EXERCISE » Only lines that contain the word "Import" are to be returned from the data below.

SOURCE RECORDS »
Segment Open

(* There is $C=C(\delta)<\infty$ such that the following holds in the setting described in the context: for any $i\in[k]$ there exists a set $V_i'\subseteq V_i$ with $|V_i'|\ge\delta^4n/80$ such that for every $v\in V_i'$, the random walk on $G^\rho$ started at $v$ satisfies \[ \Pr_v(\tau_\rho<\tau_{V\setminus V_i})\ge 1-C\varepsilon^2 . \]
   Context: Setting: $\delta\in(0,1]$, $\varepsilon>0$, $G=(V,E)$ is a connected simple graph on $n$ vertices with minimal degree at least $\delta n$, and $V=V_1\sqcup\dots\sqcup V_k$ is an $(\varepsilon,\delta,n^{1.5})$-good decomposition with parameter $\theta$; moreover $\sqrt n>1/(\theta\varepsilon^8)$. Here, writing $\deg(v,U)$ for the number of edges from $v$ to $U$ and $E(A,B)$ for edges between $A,B$, an $(\varepsilon,\delta,\beta)$-good decomposition with parameter $\theta\in[\varepsilon^{11\cdot2^{2/\delta}},\varepsilon]$ means: $k\le2/\delta$; $|V_i|\ge\delta n/2$; the spectral gap ($1-\lambda_2$ of the simple random walk transition matrix) of the induced graph $G[V_i]$ is at least $\frac{\delta^{15}\theta\beta}{2^{31}n^2}$; $\deg(v,V_i)\ge\delta^4n/40$ for $v\in V_i$; $|E(V_i,V\setminus V_i)|\le\varepsilon^9\theta^2\beta$, for all $i$. $G^\rho$ is the network obtained from $G$ (edges of weight 1) by adding a vertex $\rho$ joined to every $v\in V$ by an edge of weight $w(v,\rho)=\frac{\theta\varepsilon^4\deg_G(v)}{\sqrt n-\theta\varepsilon^4}$; the random walk moves along edges with probability proportional to their weights. For a set $A$, $\tau_A$ is the hitting time of $A$, and $\tau_\rho=\tau_{\{\rho\}}$. *)

From HB Require Import structures.
From mathcomp Require Import all_boot all_order all_algebra.
From mathcomp Require Import all_classical all_reals all_analysis.
From mathcomp Require Import Rstruct Rstruct_topology.
Set Implicit Arguments. Unset Strict Implicit. Unset Printing Implicit Defensive.
From Stdlib Require Rdefinitions.
Notation R := Rdefinitions.R.
Import Order.TTheory GRing.Theory Num.Theory.
Local Open Scope ring_scope.

Section GraphDefs.
Variables (V : finType) (e : rel V).

Definition simple_graph : Prop := symmetric e /\ irreflexive e.
Definition connected_graph : Prop := forall x y : V, connect e x y.

Definition degU (v : V) (U : {set V}) : nat := #|[set u in U | e v u]|.
Definition deg (v : V) : nat := #|[set u | e v u]|.
Definition cut_size (A : {set V}) : nat :=
  #|[set p : V * V | [&& p.1 \in A, p.2 \notin A & e p.1 p.2]]|.

Definition srw_induced (A : {set V}) : 'M[R]_#|A| :=
  \matrix_(i, j) ((e (enum_val i) (enum_val j))%:R / (degU (enum_val i) A)%:R).
End GraphDefs.

(* "the spectral gap 1 - lambda_2 of P is at least g":
   with s the list of eigenvalues of P counted with multiplicity (the roots of
   the characteristic polynomial), at most one eigenvalue exceeds 1 - g,
   i.e. lambda_2 <= 1 - g. *)
Definition spectral_gap_ge (m : nat) (P : 'M[R]_m) (g : R) : Prop :=
  exists s : seq R, char_poly P = \prod_(r <- s) ('X - r%:P) /\
                    (count (fun r : R => (1 - g < r)%R) s <= 1)%N.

Segment Closed

TASK OUTPUT »
From HB Require Import structures.
From mathcomp Require Import all_boot all_order all_algebra.
From mathcomp Require Import all_classical all_reals all_analysis.
From mathcomp Require Import Rstruct Rstruct_topology.
Import Order.TTheory GRing.Theory Num.Theory.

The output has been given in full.